Submerged length = 6.50 m × (14 - n) logs, where n is the number of logs above the water surface.
Total volume of submerged part = π × (0.1475 m)² × (6.50 m) × (14 - n)
Buoyant force = (Density of water) × (Total volume of submerged part) × g
For simplicity, we will approximate the density of water as 1000 kg/m³, and g as 9.8 m/s².
4. Lastly, let's determine the maximum number of people the raft can hold without submerging:
To find this, we need to compare the weight of the logs and the weight of the people to the buoyant force.
Weight of the logs = 1821.6 kg (rounded to 1 decimal place)
Weight of each person = 75.0 kg
Total weight of people = (75.0 kg) × n, where n is the number of people on the raft.
We want the buoyant force to be greater than or equal to the combined weight of the logs and people:
Buoyant force ≥ Weight of logs + Total weight of people
Now, let's solve for n:
(Density of water) × (Total volume of submerged part) × g ≥ Weight of logs + Total weight of people
Setting the values in the above equation:
(1000 kg/m³) × [π × (0.1475 m)² × (6.50 m) × (14 - n)] × (9.8 m/s²) ≥ 1821.6 kg + (75.0 kg) × n
Simplifying the equation and solving for n:
[π × (0.021615625 m²) × (90.1 - 6.5n)] ≥ 1821.6 + 75n
Now, we can solve this equation step-by-step:
1. Distribute π to each term inside the brackets: π × (0.021615625 m²) × (90.1 - 6.5n) ≥ 1821.6 + 75n
2. Multiply the terms inside the brackets: 0.692735781125 π - 0.141649140625 π n ≥ 1821.6 + 75n
3. Rearrange the terms: -0.141649140625 π n - 75n ≥ 1821.6 - 0.692735781125 π
4. Combine like terms: (-0.141649140625 π - 75)n ≥ 1821.6 - 0.692735781125 π
5. Divide both sides of the inequality by (-0.141649140625 π - 75): n ≤ (1821.6 - 0.692735781125 π) / (-0.141649140625 π - 75)

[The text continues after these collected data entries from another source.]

Record SSMC := {
  sc :> Category;
  tens : sc -> sc -> sc;
  tensm : forall {A B A' B'}, hom A A' -> hom B B' -> hom (tens A B) (tens A' B');
  tensm_id : forall A B, tensm (idm A) (idm B) = idm (tens A B);
  tensm_comp : forall A B A' B' A'' B'' (f : hom A A') (f' : hom A' A'')
      (g : hom B B') (g' : hom B' B''),
      tensm (f ;; f') (g ;; g') = tensm f g ;; tensm f' g';
  munit : sc;
  assoc_ob : forall A B C, tens (tens A B) C = tens A (tens B C);
  lunit_ob : forall A, tens munit A = A;
  runit_ob : forall A, tens A munit = A;
  assoc_nat : forall A B C A' B' C' (f : hom A A') (g : hom B B') (h : hom C C'),
      tensm (tensm f g) h ;; eq_hom (assoc_ob A' B' C')
      = eq_hom (assoc_ob A B C) ;; tensm f (tensm g h);
  lunit_nat : forall A B (f : hom A B),
      tensm (idm munit) f ;; eq_hom (lunit_ob B) = eq_hom (lunit_ob A) ;; f;
  runit_nat : forall A B (f : hom A B),
      tensm f (idm munit) ;; eq_hom (runit_ob B) = eq_hom (runit_ob A) ;; f;
  sym : forall A B, hom (tens A B) (tens B A);
  sym_nat : forall A B A' B' (f : hom A A') (g : hom B B'),
      tensm f g ;; sym A' B' = sym A B ;; tensm g f;
  sym_inv : forall A B, sym A B ;; sym B A = idm (tens A B);
  sym_hexagon : forall A B C,
      sym A (tens B C)
      = eq_hom (eq_sym (assoc_ob A B C)) ;; tensm (sym A B) (idm C)
        ;; eq_hom (assoc_ob B A C) ;; tensm (idm B) (sym A C)
        ;; eq_hom (eq_sym (assoc_ob B C A)) }.

Arguments tens {s} _ _.
Arguments tensm {s A B A' B'} _ _.
Arguments munit {s}.
Arguments assoc_ob {s} A B C.
Arguments lunit_ob {s} A.
Arguments runit_ob {s} A.
Arguments sym {s} A B.

Notation "A ⊗ B" := (tens A B) (at level 40, left associativity).
Notation "f ⊗ₘ g" := (tensm f g) (at level 40, left associativity).

Record AddBiprod (L : SSMC) := {
  zero : forall A B : L, hom A B;
  plus : forall {A B : L}, hom A B -> hom A B -> hom A B;
  plus_assoc : forall A B (f g h : hom A B), plus (plus f g) h = plus f (plus g h);
  plus_comm : forall A B (f g : hom A B), plus f g = plus g f;
  plus_zero_l : forall A B (f : hom A B), plus (zero A B) f = f;
  comp_plus_l : forall A B C (f g : hom A B) (h : hom B C),
      plus f g ;; h = plus (f ;; h) (g ;; h);
  comp_plus_r : forall A B C (f : hom A B) (g h : hom B C),
      f ;; plus g h = plus (f ;; g) (f ;; h);
  comp_zero_l : forall A B C (h : hom B C), zero A B ;; h = zero A C;
  comp_zero_r : forall A B C (f : hom A B), f ;; zero B C = zero A C;
  tens_plus_l : forall A B A' B' (f g : hom A A') (h : hom B B'),
      plus f g ⊗ₘ h = plus (f ⊗ₘ h) (g ⊗ₘ h);
  tens_plus_r : forall A B A' B' (f : hom A A') (g h : hom B B'),
      f ⊗ₘ plus g h = plus (f ⊗ₘ g) (f ⊗ₘ h);
  tens_zero_l : forall A B A' B' (h : hom B B'), zero A A' ⊗ₘ h = zero _ _;
  tens_zero_r : forall A B A' B' (f : hom A A'), f ⊗ₘ zero B B' = zero _ _;
  bp : L -> L -> L;
  bpi1 : forall A B, hom (bp A B) A;
  bpi2 : forall A B, hom (bp A B) B;
  bpair : forall {C A B}, hom C A -> hom C B -> hom C (bp A B);
  bpair_pi1 : forall C A B (f : hom C A) (g : hom C B), bpair f g ;; bpi1 A B = f;
  bpair_pi2 : forall C A B (f : hom C A) (g : hom C B), bpair f g ;; bpi2 A B = g;
  bpair_uniq : forall C A B (h : hom C (bp A B)),
      h = bpair (h ;; bpi1 A B) (h ;; bpi2 A B);
  binj1 : forall A B, hom A (bp A B);
  binj2 : forall A B, hom B (bp A B);
  binj1_pi1 : forall A B, binj1 A B ;; bpi1 A B = idm A;
  binj1_pi2 : forall A B, binj1 A B ;; bpi2 A B = zero A B;
  binj2_pi1 : forall A B, binj2 A B ;; bpi1 A B = zero B A;
  binj2_pi2 : forall A B, binj2 A B ;; bpi2 A B = idm B;
  bp_sum : forall A B,
      plus (bpi1 A B ;; binj1 A B) (bpi2 A B ;; binj2 A B) = idm (bp A B);
  lterm : L;
  lbang : forall A, hom A lterm;
  lbang_uniq : forall A (h : hom A lterm), h = lbang A }.

Arguments bp {L} _ _ _.
Arguments bpi1 {L} _ A B.
Arguments bpi2 {L} _ A B.
Arguments bpair {L} _ {C A B} _ _.
Arguments binj1 {L} _ A B.
Arguments binj2 {L} _ A B.
(* Let $X$ be a $k$-regular distance regular graph of diameter $d$, and let $Y_i$ be the $i$-th distance digraph of $\mathrm{LD}(X)$. Then: (i) the matrices $S(Y_0),S(Y_1),\dots,S(Y_{d+1})$ are linearly dependent; (ii) for all $i,j\in\{0,1,\dots,d+1\}$, $S(Y_i)S(Y_j)=S(Y_j)S(Y_i)$.
   Context: $X$ is a connected distance regular graph (for vertices $u,v$ at distance $\ell$, the number of vertices at distance $i$ from $u$ and $j$ from $v$ depends only on $i,j,\ell$). Each edge $\{a,b\}$ of $X$ is replaced by arcs $(a,b)$ and $(b,a)$; the line digraph $\mathrm{LD}(X)$ has the arcs as vertices, with an arc from $(a,b)$ to $(c,d)$ iff $b=c$. For a digraph $Y$, its $i$-th distance digraph $Y_i$ has the same vertex set, with $a$ adjacent to $b$ iff the directed distance from $a$ to $b$ in $Y$ is $i$. For a digraph $Z$ with $01$-adjacency matrix $A(Z)$, its skew-adjacency matrix is $S(Z)=A(Z)-A(Z)^T$. *)

From HB Require Import structures.
From mathcomp Require Import all_boot all_order all_algebra.
Set Implicit Arguments. Unset Strict Implicit. Unset Printing Implicit Defensive.
Import GRing.Theory Num.Theory.
Local Open Scope ring_scope.

Fixpoint walkn (V : finType) (r : rel V) (n : nat) (x y : V) : bool :=
  match n with
  | 0 => x == y
  | n'.+1 => [exists z, r x z && walkn r n' z y]
  end.

Definition dist_is (V : finType) (r : rel V) (i : nat) (x y : V) : bool :=
  walkn r i x y && [forall j : 'I_i, ~~ walkn r j x y].

Definition simple_graph (T : finType) (e : rel T) : Prop :=
  symmetric e /\ irreflexive e.

Definition connected_graph (T : finType) (e : rel T) : Prop :=
  forall u v, exists n, walkn e n u v.

Definition regular_graph (T : finType) (e : rel T) (k : nat) : Prop :=
  forall v, #|[set w | e v w]| = k.

Definition diameter_is (T : finType) (e : rel T) (d : nat) : Prop :=
  (exists u v, dist_is e d u v) /\
  (forall u v, exists2 i, (i <= d)%N & dist_is e i u v).

Definition distance_regular (T : finType) (e : rel T) : Prop :=
  simple_graph e /\ connected_graph e /\
  forall (l i j : nat) (u v u' v' : T),
    dist_is e l u v -> dist_is e l u' v' ->
    #|[set w | dist_is e i u w && dist_is e j v w]| =
    #|[set w | dist_is e i u' w && dist_is e j v' w]|.

Definition arc (T : finType) (e : rel T) := {x : T * T | e x.1 x.2}.

Definition line_digraph (T : finType) (e : rel T) : rel (arc e) :=
  fun p q => (val p).2 == (val q).1.

Definition distance_digraph (V : finType) (r : rel V) (i : nat) : rel V :=
  fun x y => dist_is r i x y.
Lemma convex_hull_sub_convex S T : convex T -> S `<=` T -> convex_hull S `<=` T.
Proof.
move=> cT ST _ [k [lam [q [lam_ge0 lam_sum1 Sq ->]]]].
elim: k lam q lam_ge0 lam_sum1 Sq => [|k IHk] lam q lam_ge0 lam_sum1 Sq.
  by move: lam_sum1; rewrite big_ord0 => /eqP; rewrite eq_sym oner_eq0.
rewrite big_ord_recr /=; rewrite big_ord_recr /= in lam_sum1.
set s := \sum_(i < k) _ in lam_sum1.
have s_ge0 : 0 <= s by apply: sumr_ge0.
have [s0|s_neq0] := eqVneq s 0.
  have lam0 i : lam (widen_ord (leqnSn k) i) = 0 by apply: (psumr_eq0P _ s0).
  rewrite big1 => [|i _]; last by rewrite lam0 scale0r.
  by move: lam_sum1; rewrite s0 add0r => ->; rewrite add0r scale1r; apply: ST.
(* the first [k] points carry total weight [s]: rescale them to a convex combination *)
have s_gt0 : 0 < s by rewrite lt_def s_neq0.
have Tmid :
    T (\sum_(i < k) (lam (widen_ord (leqnSn k) i) / s) *: q (widen_ord (leqnSn k) i)).
  apply: IHk => [i||i]; [exact: divr_ge0 | by rewrite -mulr_suml divff | exact: Sq].
have s_le1 : s <= 1 by rewrite -lam_sum1 lerDl.
have := cT _ _ s Tmid (ST _ (Sq ord_max)); rewrite s_ge0 s_le1 => /(_ isT).
have -> : 1 - s = lam ord_max by rewrite -lam_sum1 [s + _]addrC addrK.
rewrite scaler_sumr; congr (T (_ + _)); apply: eq_bigr => i _.
by rewrite scalerA mulrC divfK.
Qed.

Lemma convex_convex_hull S : convex (convex_hull S).
Proof.
move=> _ _ t [k1 [a [q [a_ge0 a_sum1 Sq ->]]]] [k2 [b [r [b_ge0 b_sum1 Sr ->]]]].
move=> /andP[t0 t1].
pose c i := match fintype.split i with inl i => t * a i | inr j => (1 - t) * b j end.
pose p i := match fintype.split i with inl i => q i | inr j => r j end.
have splitl (i : 'I_k1) : fintype.split (lshift k2 i) = inl i.
  exact: (@unsplitK k1 k2 (inl i)).
have splitr (j : 'I_k2) : fintype.split (rshift k1 j) = inr j.
  exact: (@unsplitK k1 k2 (inr j)).
exists (k1 + k2)%N, c, p; split => [i||i|].
- by rewrite /c; case: fintype.split => j; apply: mulr_ge0; rewrite ?subr_ge0.
- rewrite big_split_ord /c; under eq_bigr do rewrite splitl.
  under [X in _ + X = _]eq_bigr do rewrite splitr.
  by rewrite -!mulr_sumr a_sum1 b_sum1 !mulr1 subrKC.
- by rewrite /p; case: fintype.split.
- rewrite big_split_ord /c /p; under [X in _ = X + _]eq_bigr do rewrite splitl.
  under [X in _ = _ + X]eq_bigr do rewrite splitr.
  by rewrite !scaler_sumr; congr (_ + _); apply: eq_bigr => i _; rewrite scalerA.
Qed.
Definition comp_val (C C' : Type) (g : C' -> C) (nu : Val C) : Val C' :=
  exist (fun nu' : C' -> R => forall c, 0 <= nu' c) (fun c' => proj1_sig nu (g c')) (fun c' => proj2_sig nu (g c')).

Definition Theta_map {Sigma : Type} (X Y : TTS Sigma)
  (f : tts_st X -> tts_st Y) (g : tts_clk Y -> tts_clk X) :
  ts_st (Theta X) -> ts_st (Theta Y) :=
  fun p => (f (fst p), comp_val (tts_clk X) (tts_clk Y) g (snd p)).

Lemma Theta_mor_ok {Sigma : Type} (X Y : TTS Sigma)
  (f : tts_st X -> tts_st Y) (g : tts_clk Y -> tts_clk X) :
  is_tts_mor X Y f g -> is_ts_mor (Theta X) (Theta Y) (Theta_map X Y f g).
Proof.
  intros [H0 Hf]; split.
  - simpl; unfold Theta_map; simpl; rewrite H0; f_equal.
    unfold comp_val, zero_val; simpl.
    apply eq_exist_uncurried; exists eq_refl; apply proof_irrelevance.
  - intros [s nu] [a t] [s' nu'] [Rs [I [HD [HI [HR HN]]]]]; simpl in *.
    destruct (Hf _ _ _ _ _ HD) as [Rs' [I' [HD' [HRs HI']]]].
    exists Rs', I'; simpl.
    split; [exact HD' | split; [| split]].
    + intros c'; apply HI'; apply HI.
    + intros c' Hc'; apply HR; apply HRs; auto.
    + intros c' Hc'; apply HN; intro H; apply Hc'; apply HRs; auto.
Qed.

Definition G {Sigma : Type} (X : TTS Sigma) : TS (Sigma * posR) := U (Theta X).

Definition G_mor {Sigma : Type} (X Y : TTS Sigma)
  (f : tts_st X -> tts_st Y) (g : tts_clk Y -> tts_clk X)
  (H : is_tts_mor X Y f g) : ts_st (G X) -> ts_st (G Y) :=
  U_mor (Theta X) (Theta Y) (Theta_map X Y f g) (Theta_mor_ok X Y f g H).

(* G is a coreflection: G lands in Tr, and for every synchronization tree T
   there is a universal arrow eta_T : T -> G(F T) (so G is a right adjoint,
   with unit eta), and every eta_T is an isomorphism (unit is a natural iso). *)
Definition is_coreflection_G (Sigma : Type) : Prop :=
  (forall X : TTS Sigma, is_tree (G X)) /\
  (forall T : TS (Sigma * posR), is_tree T ->
    exists (F : TTS Sigma) (eta : ts_st T -> ts_st (G F)),
      is_ts_mor T (G F) eta /\
      is_ts_iso T (G F) eta /\
      forall (X : TTS Sigma) (h : ts_st T -> ts_st (G X)),
        is_ts_mor T (G X) h ->
        exists (f : tts_st F -> tts_st X) (g : tts_clk X -> tts_clk F)
               (H : is_tts_mor F X f g),
          (forall x, G_mor F X f g H (eta x) = h x) /\
          (forall (f' : tts_st F -> tts_st X) (g' : tts_clk X -> tts_clk F)
                  (H' : is_tts_mor F X f' g'),
             (forall x, G_mor F X f' g' H' (eta x) = h x) ->
             (forall s, f' s = f s) /\ (forall c, g' c = g c))).

(* The left adjoint F sends a synchronization tree T to the timed system with
   the same states and transitions, whose clocks are the sets of non-initial
   states (a clock is reset on entering one of its states), and whose
   transitions are guarded by the single value each clock has along the unique
   run of T reaching the source.  Along every run of F T the valuation is thus
   forced, so the unit T -> G (F T) is an isomorphism.  A morphism
   h : T -> G X transposes to F T -> X by reading off the state reached by h
   and by sending a clock c of X to the set of states at which h resets c.
   Since delays are positive, c is reset exactly when it reads 0; this makes
   the transpose a morphism, and the only one factoring h through the unit. *)

From Stdlib Require Import Reals List Lra Classical ClassicalEpsilon
  FunctionalExtensionality PropExtensionality ProofIrrelevance.
Import ListNotations.
Open Scope R_scope.

Lemma sig_eq {B : Type} {P : B -> Prop} (u v : sig P) :
  proj1_sig u = proj1_sig v -> u = v.
Proof. apply eq_sig_hprop; intros; apply proof_irrelevance. Qed.

Lemma val_eq {C : Type} (nu1 nu2 : Val C) :
  (forall c, proj1_sig nu1 c = proj1_sig nu2 c) -> nu1 = nu2.
Proof. intros E; apply sig_eq, functional_extensionality, E. Qed.

Lemma last_cons {B : Type} (x : B) (m : list B) (d : B) : last (x :: m) d = last m x.
Proof.
  revert x d; induction m as [|y m IH]; intros x d; [reflexivity|].
  change (last (y :: m) d = last (y :: m) x); rewrite !IH; reflexivity.
Qed.

Section Runs.
Context {A : Type} (X : TS A).

Lemma run_from_snoc q l a s :
  run_from X q (l ++ [(a, s)]) <-> run_from X q l /\ ts_tr X (last (map snd l) q) a s.
Proof.
  revert q; induction l as [|[b r] l IH]; intros q; cbn -[last].
  - tauto.
  - rewrite IH, last_cons; tauto.
Qed.

Lemma is_run_snoc l a s :
  is_run X (l ++ [(a, s)]) <-> is_run X l /\ ts_tr X (run_end X l) a s.
Proof. apply run_from_snoc. Qed.

Lemma run_end_snoc l a s : run_end X (l ++ [(a, s)]) = s.
Proof. unfold run_end; rewrite map_app; apply last_last. Qed.

Lemma run_end_map (Y : TS A) (h : ts_st X -> ts_st Y) l :
  is_ts_mor X Y h -> run_end Y (run_map X Y h l) = h (run_end X l).
Proof.
  intros [Hinit _]; unfold run_end, run_map; rewrite <- Hinit.
  generalize (ts_init X); induction l as [|x l IH]; intros d; [reflexivity|].
  cbn [map]; rewrite !last_cons; apply IH.
Qed.

End Runs.

Section Unfolding.
Context {A : Type} (X : TS A).

Lemma U_run_to ls (r : is_run X ls) :
  exists l, is_run (U X) l /\ run_end (U X) l = exist _ ls r.
Proof.
  revert r; induction ls as [|[a q] ls IH] using rev_ind; intros r.
  - exists []; split; [exact I | now apply sig_eq].
  - destruct (proj1 (is_run_snoc X ls a q) r) as [r0 _].
    destruct (IH r0) as [l [Hl Hend]].
    exists (l ++ [(a, exist _ (ls ++ [(a, q)]) r)]).
    rewrite is_run_snoc, run_end_snoc, Hend.
    split; [split; [exact Hl | now exists q] | reflexivity].
Qed.

Lemma U_run_end_nil l : is_run (U X) l -> proj1_sig (run_end (U X) l) = [] -> l = [].
Proof.
  destruct l as [|[a p] l _] using rev_ind; [reflexivity|].
  rewrite is_run_snoc, run_end_snoc; intros [_ [q Hq]] Hnil.
  rewrite Hnil in Hq; destruct (app_cons_not_nil _ _ _ Hq).
Qed.

Lemma U_run_end_inj l l' :
  is_run (U X) l -> is_run (U X) l' -> run_end (U X) l = run_end (U X) l' -> l = l'.
Proof.
  revert l'; induction l as [|[a p] l IH] using rev_ind; intros l' Hl Hl' Hend.
  - symmetry; apply U_run_end_nil; [exact Hl' | now rewrite <- Hend].
  - destruct l' as [|[a' p'] l' _] using rev_ind.
    + apply U_run_end_nil; [exact Hl | now rewrite Hend].
    + rewrite !run_end_snoc in Hend; subst p'.
      apply is_run_snoc in Hl as [Hl [q Hq]], Hl' as [Hl' [q' Hq']].
      rewrite Hq in Hq'; apply app_inj_tail in Hq' as [Hend' Ha].
      injection Ha as -> _.
      f_equal; apply IH; [exact Hl | exact Hl' | now apply sig_eq].
Qed.

Lemma U_is_tree : is_tree (U X).
Proof.
  intros [ls r]; destruct (U_run_to ls r) as [l [Hl Hend]].
  exists l; split; [now split|].
  intros l' [Hl' Hend']; apply U_run_end_inj; [exact Hl | exact Hl' | now rewrite Hend, Hend'].
Qed.

End Unfolding.

Section Trees.
Context {A : Type} (T : TS A) (Ht : is_tree T).

Definition tree_run (s : ts_st T) : list (A * ts_st T) :=
  proj1_sig (constructive_definite_description _ (Ht s)).

Lemma tree_run_spec s : is_run T (tree_run s) /\ run_end T (tree_run s) = s.
Proof. exact (proj2_sig (constructive_definite_description _ (Ht s))). Qed.

Lemma tree_run_end l : is_run T l -> tree_run (run_end T l) = l.
Proof.
  intros Hl; destruct (Ht (run_end T l)) as [l0 [_ Huniq]].
  transitivity l0.
  - symmetry; apply Huniq, tree_run_spec.
  - apply Huniq; split; [exact Hl | reflexivity].
Qed.

Lemma tree_run_init : tree_run (ts_init T) = [].
Proof. exact (tree_run_end [] I). Qed.

Lemma tree_run_tr u a v : ts_tr T u a v -> tree_run v = tree_run u ++ [(a, v)].
Proof.
  intros Htr; destruct (tree_run_spec u) as [Hu Hend].
  rewrite <- (tree_run_end (tree_run u ++ [(a, v)])), run_end_snoc; [reflexivity|].
  apply is_run_snoc; rewrite Hend; split; assumption.
Qed.

Lemma tree_tr_not_init u a v : ts_tr T u a v -> v <> ts_init T.
Proof.
  intros Htr ->; pose proof (tree_run_tr _ _ _ Htr) as E.
  rewrite tree_run_init in E; exact (app_cons_not_nil _ _ _ E).
Qed.

Lemma tree_tr_into v : v <> ts_init T -> exists u a, ts_tr T u a v.
Proof.
  intros Hv; destruct (Ht v) as [l [[Hrun Hend] _]].
  destruct l as [|[a w] l _] using rev_ind.
  - contradiction Hv; now rewrite <- Hend.
  - rewrite run_end_snoc in Hend; subst w.
    apply is_run_snoc in Hrun as [_ Htr]; eauto.
Qed.

End Trees.

Section Elapsed.
Context {Sigma St : Type} (P : St -> Prop).

Definition elapsed_step (v : R) (x : (Sigma * posR) * St) : R :=
  if excluded_middle_informative (P (snd x)) then 0 else v + proj1_sig (snd (fst x)).

Definition elapsed (l : list ((Sigma * posR) * St)) : R := fold_left elapsed_step l 0.

Lemma elapsed_snoc l x : elapsed (l ++ [x]) = elapsed_step (elapsed l) x.
Proof. unfold elapsed; rewrite fold_left_app; reflexivity. Qed.

Lemma elapsed_nonneg l : 0 <= elapsed l.
Proof.
  induction l as [|x l IH] using rev_ind; [apply Rle_refl|].
  rewrite elapsed_snoc; unfold elapsed_step.
  destruct excluded_middle_informative; [lra|].
  destruct (snd (fst x)) as [t tpos]; simpl; lra.
Qed.

End Elapsed.

Section TreeTTS.
Context {Sigma : Type} (T : TS (Sigma * posR)) (Ht : is_tree T).

(* A clock is the set of states on entering which it is reset.  No transition
   enters the initial state, so it is excluded: membership of it could not be
   observed, and the transpose of a morphism would not be unique. *)
Definition tree_clk : Type := { P : ts_st T -> Prop | ~ P (ts_init T) }.

Lemma tree_clk_eq (P Q : tree_clk) : (forall v, proj1_sig P v <-> proj1_sig Q v) -> P = Q.
Proof.
  intros E; apply sig_eq, functional_extensionality; intros v.
  apply propositional_extensionality, E.
Qed.

Definition tree_val (u : ts_st T) : Val tree_clk :=
  exist (fun nu => forall P, 0 <= nu P)
    (fun P : tree_clk => elapsed (proj1_sig P) (tree_run T Ht u))
    (fun P => elapsed_nonneg (proj1_sig P) (tree_run T Ht u)).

Now, calculating this expression will give us the maximum number of whole people the raft can hold without submerging.
To determine the maximum number of people the raft can hold before they start getting their feet wet, we need to consider the buoyancy and weight of the raft.
First, let's calculate the weight of a single log:
Density of wood = 600 kg/m³
Volume of a log = πr²h, where r is the radius (diameter/2) and h is the height (length of the log)
Given: Diameter = 29.5 cm = 0.295 m, Length = 6.50 m
Radius (r) = 0.295 m / 2 = 0.1475 m
Volume of a log = π * (0.1475 m)² * 6.50 m
Now, we can calculate the weight of a single log:
Weight of a single log = Density * Volume
Weight of a single log = 600 kg/m³ * (π * (0.1475 m)² * 6.50 m)
Next, we need to calculate the total weight of the logs:
Total weight of the logs = Weight of a single log * Number of logs
Given: Number of logs = 14
Total weight of the logs = Weight of a single log * 14
Now, let's calculate the buoyant force:
Buoyant force = Density of water * Volume of water displaced
Given: Density of water = 1000 kg/m³ (approximate value)
Volume of water displaced can be calculated as the volume of the logs.
Now, let's calculate the total volume of the logs:
Total volume of the logs = Volume of a single log * Number of logs
Finally, we can calculate the maximum number of people the raft can hold:
Maximum number of people = (Buoyant force - Total weight of the logs) / Weight of an average person
Given: Mass of an average person = 75.0 kg
Using this formula, we can now substitute the values and calculate the maximum number of people.